Task objective
Every line of the records that holds the word "mulrC" should be copied.

Information supplied
▽
Lemma derivable_oo_LRcontinuous_cc (f : R -> R) (x y : R) : x <= y ->
  {in `[x, y], forall z, derivable f z 1} -> derivable_oo_LRcontinuous f x y.
Proof.
move=> xy df.
have cf z : z \in `[x, y] -> {for z, continuous f}.
  by move=> /df/derivable1_diffP/differentiable_continuous.
split.
- by move=> z /subset_itv_oo_cc/df.
- by apply: cvg_at_right_filter; apply: cf; rewrite in_itv /= lexx xy.
- by apply: cvg_at_left_filter; apply: cf; rewrite in_itv /= lexx xy.
Qed.

Lemma ge0_integral_bigcup_cvg (F : (set R)^nat) (f : R -> R) :
  (forall n, measurable (F n)) -> nondecreasing_seq F ->
  measurable_fun setT f -> (forall x, (\bigcup_n F n) x -> 0 <= f x) ->
  (\int[mu]_(x in F n) (f x)%:E @[n --> \oo] -->
   \int[mu]_(x in \bigcup_n F n) (f x)%:E)%E.
Proof.
move=> mF ndF mf f0; apply: ge0_nondecreasing_set_cvg_integral => //.
- by move=> n; apply/measurable_EFinP/measurable_funTS.
- by move=> n x Fx; rewrite lee_fin; apply: f0; exists n.
Qed.

Lemma ge0_integral_bigcup_lim (F : (set R)^nat) (f : R -> R) (l : \bar R) :
  (forall n, measurable (F n)) -> nondecreasing_seq F ->
  measurable_fun setT f -> (forall x, (\bigcup_n F n) x -> 0 <= f x) ->
  (\int[mu]_(x in F n) (f x)%:E @[n --> \oo] --> l)%E ->
  (\int[mu]_(x in \bigcup_n F n) (f x)%:E)%E = l.
Proof.
move=> mF ndF mf f0; apply: cvg_unique; first exact: ereal_hausdorff.
exact: ge0_integral_bigcup_cvg.
Qed.

Lemma bigcup_itv_cc_oc (c : R) : 0 < c ->
  \bigcup_n `[c * harmonic n.+1, c]%classic = `]0%R, c]%classic.
Proof.
move=> c0; apply/seteqP; split => x /=.
  move=> [n _]; rewrite /= !in_itv /= => /andP[+ ->]; rewrite andbT.
  by apply: lt_le_trans; rewrite mulr_gt0 // harmonic_gt0.
rewrite in_itv /= => /andP[x0 xc]; exists (truncn (c / x)) => //=.
rewrite in_itv /= xc andbT ler_pdivrMr ?ltr0Sn // mulrC -ler_pdivrMr //.
by rewrite ltW // (lt_trans (truncnS_gt _)) // ltr_nat.
Qed.

Lemma nondecreasing_itv_cc_oc (c : R) : 0 < c ->
  nondecreasing_seq (fun n => `[c * harmonic n.+1, c]%classic : set R).
Proof.
move=> c0 n m nm; apply/subsetPset; apply: subset_itvr; rewrite bnd_simp.
by rewrite ler_pM2l // lef_pV2 ?posrE // ler_nat ltnS.
Qed.

Lemma bigcup_itv_cc_oy :
  \bigcup_n `[harmonic n, n.+2%:R]%classic = `]0%R, +oo[%classic :> set R.
Proof.
apply/seteqP; split => x /=.
  move=> [n _]; rewrite /= !in_itv /= andbT => /andP[+ _].
  exact/lt_le_trans/harmonic_gt0.
rewrite in_itv /= andbT => x0; have ix0 : 0 < x^-1 by rewrite invr_gt0.
move: (truncnS_gt (x + x^-1)); set n := truncn _ => xn.
exists n => //; rewrite /harmonic /= in_itv /= -[x in _ <= x]invrK.
by rewrite lef_pV2 ?posrE // -!natr1 in xn *; apply/andP; split; lra.
Qed.

Lemma nondecreasing_itv_cc_oy :
  nondecreasing_seq (fun n => `[harmonic n, n.+2%:R]%classic : set R).
Proof.
move=> n m nm; apply/subsetPset; apply: subset_itv; rewrite bnd_simp.
  by rewrite lef_pV2 ?posrE // ler_nat ltnS.
by rewrite ler_nat !ltnS.
Qed.

Lemma cvgy_inv : x^-1 @[x --> +oo] --> (0 : R).
Proof.
have x_gt0 : \forall x \near +oo, 0 < (id : R -> R) x by exact: nbhs_pinfty_gt.
exact: (gtr0_cvgV0 x_gt0).2 cvg_id.
Qed.

Lemma mulr_sqr_le_itvE (k u z : R) : 0 < k -> 0 < u ->
  (k * z ^+ 2 <= u) = (z \in `[- Num.sqrt (u / k), Num.sqrt (u / k)]).
Proof.
move=> k0 u0; rewrite in_itv /= -ler_norml -sqrtr_sqr.
by rewrite ler_sqrt ?divr_ge0 ?(ltW u0) ?(ltW k0) // ler_pdivlMr // mulrC.
Qed.

Lemma cvgy_sqrt_div (u s : R) :
  Num.sqrt (u / (g / s)) @[g --> +oo] --> (0 : R).
Proof.
rewrite -sqrtr0; apply: continuous_cvg; first exact: sqrt_continuous.
under eq_fun do rewrite invf_div mulrA.
by rewrite -(mulr0 (u * s)); apply: cvgM; [exact: cvg_cst | exact: cvgy_inv].
Qed.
△
Answer for this exercise
rewrite in_itv /= xc andbT ler_pdivrMr ?ltr0Sn // mulrC -ler_pdivrMr //.
by rewrite ler_sqrt ?divr_ge0 ?(ltW u0) ?(ltW k0) // ler_pdivlMr // mulrC.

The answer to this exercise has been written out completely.